Recently the GoComics crew interviewed Foxo’s son Michael about his father and the strip.

What was it like to grow up with a cartoonist as a father?

My father had been working as a professional cartoonist for sixteen years when I was born in 1937. He had worked the last fourteen of those years as a staff cartoonist for the Richmond (Virginia) Times-Dispatch, one of the South’s leading newspapers, doing every type of cartooning: news, sports, humor, editorial, and creating a number of regularly published features, as well as working outside sketching assignments at the courts and at crime scenes.

Among his created features was Bozo, the world’s original pantomime comic strip. He created that strip at age 16 in 1921 just after being laid off as sports cartoonist at the Times-Dispatch and before being rehired in 1923.

above: A couple of the first Reardon cartoons for the Richmond Times Dispatch in 1921 by the then 16 year old. The “apologies to Christy Walsh” is because the editor and the cartoonist displaced Walsh’s cartoon (below) on the sports page which “Blasts From The Bleachers” copied.
Both are early samples of caption contests.
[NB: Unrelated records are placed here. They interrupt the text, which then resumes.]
Lemma regular_vanish : w i i = false -> w j j = false -> vanishes n w.
Proof.
move=> wii wjj.
have [ka ka_n xa] : exists2 ka, ka < n & x ka = a by apply: aprog_onto; lia.
have uv k : k < n -> k != ka -> u k = v k.
  move=> kn kka; rewrite /u /v.
  case: (eqVneq (x k) i) => [-> | xki]; first by rewrite wii w_sym wij !andbF.
  case: (eqVneq (x k) j) => [-> | xkj]; first by rewrite wjj wij !andbF.
  by apply: uv_row => //; apply: (x_neq _ _ xa).
have u_lo k : k <= ka -> u k = false.
  by apply: zigzag_fwd u0 uv_link _ k => k' k'_ka; apply: uv; lia.
have v_hi k : ka <= k < n -> v k = false.
  by apply: zigzag_bwd un uv_link _ k => k' /andP[? ?]; apply: uv; lia.
have w_ij y : y < n -> y != b -> w i y = false /\ w j y = false.
  move=> yn yb; have [k kn xk] := aprog_onto b n_prime d_gt0 d_lt yn.
  have : u k = false /\ v k = false.
    case: (ltngtP k ka) => [k_lt | k_gt | ->]; last by rewrite u_lo ?v_hi ?leqnn.
    - by rewrite -uv ?u_lo //; lia.
    - by rewrite uv ?v_hi //; lia.
  by rewrite /u /v xk yb.
have i_reg : i < n - 2 by lia.
have w_ib : w i b = false by apply: (row_vanish_at_b i_reg) => y yn _ yb; case: (w_ij y yn yb).
have w_jb : w j b = false by apply: (row_vanish_at_b j_reg) => y yn _ yb; case: (w_ij y yn yb).
by apply: (supported_vanish supp) => y yn; case: (eqVneq y b) => [-> // | yb];
  case: (w_ij y yn yb).
Qed.

End RegularPair.

End CheckedWeights.

Section DualWeights.
Variables (n a b : nat) (w1 w2 : nat -> nat -> bool).
Hypotheses (w1_checks : checks n a b w1) (w2_checks : checks n b a w2).
Hypothesis diag_shared : forall k, w1 k k = w2 k k.

Let n_gt2 : 2 < n. Proof. by case: w1_checks. Qed.
Let ab_special : (a == n - 2) && (b == n - 1) || (a == n - 1) && (b == n - 2).
Proof. by case: w1_checks. Qed.

Lemma dual_special_vanish :
  supported_on n w1 a b -> supported_on n w2 b a -> vanishes n w1 /\ vanishes n w2.
Proof.
move=> supp1 supp2; have an : a < n by lia. have bn : b < n by lia.
have ab : a != b by lia. have ba : b != a by lia.
have only_bb := supported_b_diag w1_checks an ab supp1.
have only_aa := supported_b_diag w2_checks bn ba supp2.
have w1bb : w1 b b = false.
  by rewrite diag_shared; apply/negP => /(only_aa b b bn bn); lia.
have w2aa : w2 a a = false.
  by rewrite -diag_shared; apply/negP => /(only_bb a a an an); lia.
split=> k l kn ln; apply/negP => wkl.
  have /andP[/eqP ek /eqP el] := only_bb k l kn ln wkl.
  by move: wkl; rewrite ek el w1bb.
have /andP[/eqP ek /eqP el] := only_aa k l kn ln wkl.
by move: wkl; rewrite ek el w2aa.
Qed.

Lemma dual_mixed_vanish o : o < n - 2 ->
  supported_on n w1 o b -> supported_on n w2 o b -> vanishes n w1 /\ vanishes n w2.
Proof.
move=> o_reg supp1 supp2; have on : o < n by lia. have bn : b < n by lia.
have ob : o != b by lia.
have only_bb := supported_b_diag w1_checks on ob supp1.
have w1oo : w1 o o = false by apply/negP => /(only_bb o o on on); lia.
have w2_0 := supported_a_vanish w2_checks o_reg supp2 (etrans (esym (diag_shared o)) w1oo).
split=> // k l kn ln; apply/negP => wkl.
have /andP[/eqP ek /eqP el] := only_bb k l kn ln wkl.
by move: wkl; rewrite ek el diag_shared w2_0.
Qed.

Lemma dual_regular_vanish i j : prime n -> i < j -> j < n - 2 ->
  supported_on n w1 i j -> supported_on n w2 i j -> vanishes n w1 /\ vanishes n w2.
Proof.
move=> n_prime ij j_reg supp1 supp2.
have d_gt0 : 0 < j - i by lia. have d_lt : j - i < n by lia.
set x := aprog n b (j - i).
have [ka ka_n xa] : exists2 ka, ka < n & x ka = a by apply: aprog_onto; lia.
have [ki ki_n xi] : exists2 ki, ki < n & x ki = i by apply: aprog_onto; lia.
(* The progression of w2 starts at a, so it is that of w1 rotated by the position
   of a: i precedes a in one of them and follows it in the other. *)
have y_x t : aprog n a (j - i) t = x (t + ka) by rewrite /x aprogD -/x xa.
have x_period t : x (t + n) = x t by rewrite /x aprogD aprogn //; lia.
have x0 : x 0 = b by rewrite /x aprog0 //; lia.
have xn : x n = b by rewrite /x aprogn //; lia.
have ki_gt0 : 0 < ki by case: (posnP ki) xi => [-> | //]; rewrite x0; lia.
have ka_gt0 : 0 < ka by case: (posnP ka) xa => [-> | //]; rewrite x0; lia.
have yb : aprog n a (j - i) (n - ka) = b by rewrite y_x subnK // ltnW.
have [w1ii w1jj] : w1 i i = false /\ w1 j j = false.
  case: (ltngtP ki ka) => [ki_ka | ka_ki | ki_ka]; last by move: xi; rewrite ki_ka xa; lia.
  - have yi : aprog n a (j - i) (ki + n - ka) = i by rewrite y_x subnK ?x_period //; lia.
    split; first exact: (regular_diag_i w1_checks n_prime supp1 ij j_reg ka_n xi xa ki_ka).
    rewrite diag_shared; apply: (regular_diag_j w2_checks n_prime supp2 ij j_reg _ yi yb); lia.
  - have yi : aprog n a (j - i) (ki - ka) = i by rewrite y_x subnK // ltnW.
    split; last exact: (regular_diag_j w1_checks n_prime supp1 ij j_reg ki_n xi xa ka_ki).
    rewrite diag_shared; apply: (regular_diag_i w2_checks n_prime supp2 ij j_reg _ yi yb); lia.
split; first exact: (regular_vanish w1_checks n_prime supp1 ij j_reg).
by apply: (regular_vanish w2_checks n_prime supp2 ij j_reg); rewrite -diag_shared.
Qed.

End DualWeights.

(* [orient false k l] and [orient true k l] are the paper's <v_k, v_l>^down and
   <v_k, v_l>^up. *)
Definition orient n (up : bool) (k l : 'I_n) : 'I_n * 'I_n :=
  if (k <= l) == up then (k, l) else (l, k).

Definition weight n (up : bool) (L : labeling n.+1) (k l : nat) : bool :=
  L (orient up (inord k) (inord l)).

Section Orient.
Variables (n : nat) (up : bool).

Lemma orientC (k l : 'I_n) : orient up k l = orient up l k.
Proof.
by rewrite /orient; case: (ltngtP k l) => [_ | _ | /val_inj->]; case: up.
Qed.

Lemma orient_inj (h : 'I_n) : injective (orient up h).
Proof. by move=> l l'; rewrite /orient; do 2 case: ifP => _; case=> *; congruence. Qed.

Lemma orient_endpoints (k l : 'I_n) :
  [:: (orient up k l).1; (orient up k l).2] =i [:: k; l].
Proof. by move=> x; rewrite /orient; case: ifP => _; rewrite // !inE orbC. Qed.

End Orient.

Section Weight.
Variables (n : nat) (L : labeling n.+1).

Lemma weight_ord up (k l : 'I_n.+1) : weight up L k l = L (orient up k l).
Proof. by rewrite /weight !inord_val. Qed.

Lemma weight_sym up k l : weight up L k l = weight up L l k.
Proof. by rewrite /weight orientC. Qed.

Lemma weight_diag k : weight false L k k = weight true L k k.
Proof. by rewrite /weight /orient leqnn. Qed.

End Weight.

Lemma is_down_orient n (e : 'I_n * 'I_n) (k l : 'I_n) :
  is_down e k l = (e == orient false k l).
Proof.
by case: e => e1 e2; rewrite /is_down /is_edge /orient; case: leqP => /=; rewrite xpair_eqE.
Qed.

Lemma is_up_orient n (e : 'I_n * 'I_n) (k l : 'I_n) :
  is_up e k l = (e == orient true k l).
Proof.
by case: e => e1 e2; rewrite /is_up /is_edge /orient; case: leqP => /=; rewrite xpair_eqE.
Qed.

Lemma S_down_orient n (h : 'I_n) :
  S_down n h = orient false h @: [set l : 'I_n | l != n - 1 :> nat].
Proof.
apply/setP => e; rewrite inE; apply/existsP/imsetP => [[l /andP[ln]] | [l]].
  by rewrite is_down_orient => /eqP->; exists l; rewrite // inE; lia.
by rewrite inE => ln ->; exists l; rewrite is_down_orient eqxx andbT; have := ltn_ord l; lia.
Qed.

Lemma S_up_orient n (h : 'I_n) :
  S_up n h = orient true h @: [set l : 'I_n | l != n - 2 :> nat].
Proof.
apply/setP => e; rewrite inE; apply/existsP/imsetP => [[l /andP[ln]] | [l]].
  by rewrite is_up_orient => /eqP->; exists l; rewrite // inE.
by rewrite inE => ln ->; exists l; rewrite is_up_orient eqxx ln.
Qed.

Lemma D_down_orient n m :
  D_down n.+1 m = orient false (inord (n.+1 - 1)) (inord (n.+1 - 2))
                  |: [set orient false kl.1 kl.2 | kl in diag_pairs n.+1 (n.+1 - 2) m].
Proof.
apply/setP => e; rewrite !inE orbC; congr orb.
  by rewrite -is_down_orient /is_down !inordK; [congr (is_edge e _ _) | ..]; lia.
apply/existsP/imsetP => [[k /existsP[l /and4P[kb lb klm]]] | [[k l]]].
  rewrite is_down_orient => /eqP->.
  case: (leqP k l) => kl; [exists (k, l) | exists (l, k)]; rewrite ?inE /= ?kl ?kb ?lb //.
  - by rewrite (ltnW kl) addnC klm.
  - exact: orientC.
rewrite inE /= => /and4P[_ kb lb klm] ->.
by exists k; apply/existsP; exists l; rewrite kb lb klm is_down_orient eqxx.
Qed.

Lemma D_up_orient n m :
  D_up n.+1 m = orient true (inord (n.+1 - 2)) (inord (n.+1 - 1))
                |: [set orient true kl.1 kl.2 | kl in diag_pairs n.+1 (n.+1 - 1) m].
Proof.
apply/setP => e; rewrite !inE orbC; congr orb.
  by rewrite -is_up_orient /is_up !inordK; [congr (is_edge e _ _) | ..]; lia.
apply/existsP/imsetP => [[k /existsP[l /and4P[kb lb klm]]] | [[k l]]].
  rewrite is_up_orient => /eqP->.
  have kb' : k != n.+1 - 1 :> nat by lia. have lb' : l != n.+1 - 1 :> nat by lia.
  case: (leqP k l) => kl; [exists (k, l) | exists (l, k)]; rewrite ?inE /= ?kl ?kb' ?lb' //.
  - by rewrite (ltnW kl) addnC klm.
  - exact: orientC.
rewrite inE /= => /and4P[_ kb lb klm] ->; exists k; apply/existsP; exists l.
by rewrite klm is_up_orient eqxx andbT; have := ltn_ord k; have := ltn_ord l; lia.
Qed.

Lemma parity_row n up (L : labeling n.+1) (h : 'I_n.+1) c :
  parity L (orient up h @: [set l : 'I_n.+1 | l != c :> nat]) = row_sum n.+1 c (weight up L) h.
Proof.
rewrite /parity big_imset /=; last by move=> l l' _ _ /orient_inj.
by apply: eq_big => [l | l _]; rewrite ?inE ?weight_ord.
Qed.

Lemma parity_diag n up (L : labeling n.+1) a b m : b < n.+1 ->
  parity L (orient up (inord a) (inord b)
            |: [set orient up kl.1 kl.2 | kl in diag_pairs n.+1 b m])
  = diag_sum n.+1 b (weight up L) m (+) weight up L a b.
Proof.
move=> bn; rewrite /parity big_setU1 /= 1?addbC.
  rewrite big_imset /=; first by congr addb; apply: eq_bigr => kl _; rewrite weight_ord.
  move=> [k l] [k' l']; rewrite !inE /= => /andP[kl _] /andP[kl' _].
  by rewrite /orient kl kl'; case: up => -[-> ->].
apply/imsetP => -[[k l]]; rewrite inE /= => /and4P[_ kb lb _] e.
have := orient_endpoints up k l (inord b); rewrite -e orient_endpoints !inE eqxx orbT.
by rewrite -!val_eqE /= inordK // ![b == _]eq_sym (negbTE kb) (negbTE lb).
Qed.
In 1945, at the end of World War II, my father became internationally syndicated with the Chicago Sun-Times Syndicate with his comic strip Bozo, which was always his first love. The strip had appeared weekly in the Times-Dispatch from at least 1925. Syndication was a big change for him and our family. He set up his drawing desk between the living room and dining room at home, and his presence was always there.

above: May 31, 1925 (Bozo’s first print appearance?)
below: October 2, 1927 – FoXo’s Sunday page expanded over time

My dad was a born cartoonist. He never held a job title other than that of “cartoonist.” It wouldn’t be too much of a stretch to say that he was born with a drawing pen in one hand and a bottle of India ink in the other. He liked to tell the story of how he as a 16-year-old “sat on the editor’s doorstep every day” until he was finally hired.

Read the full interview with Michael Reardon at the GoComics blog.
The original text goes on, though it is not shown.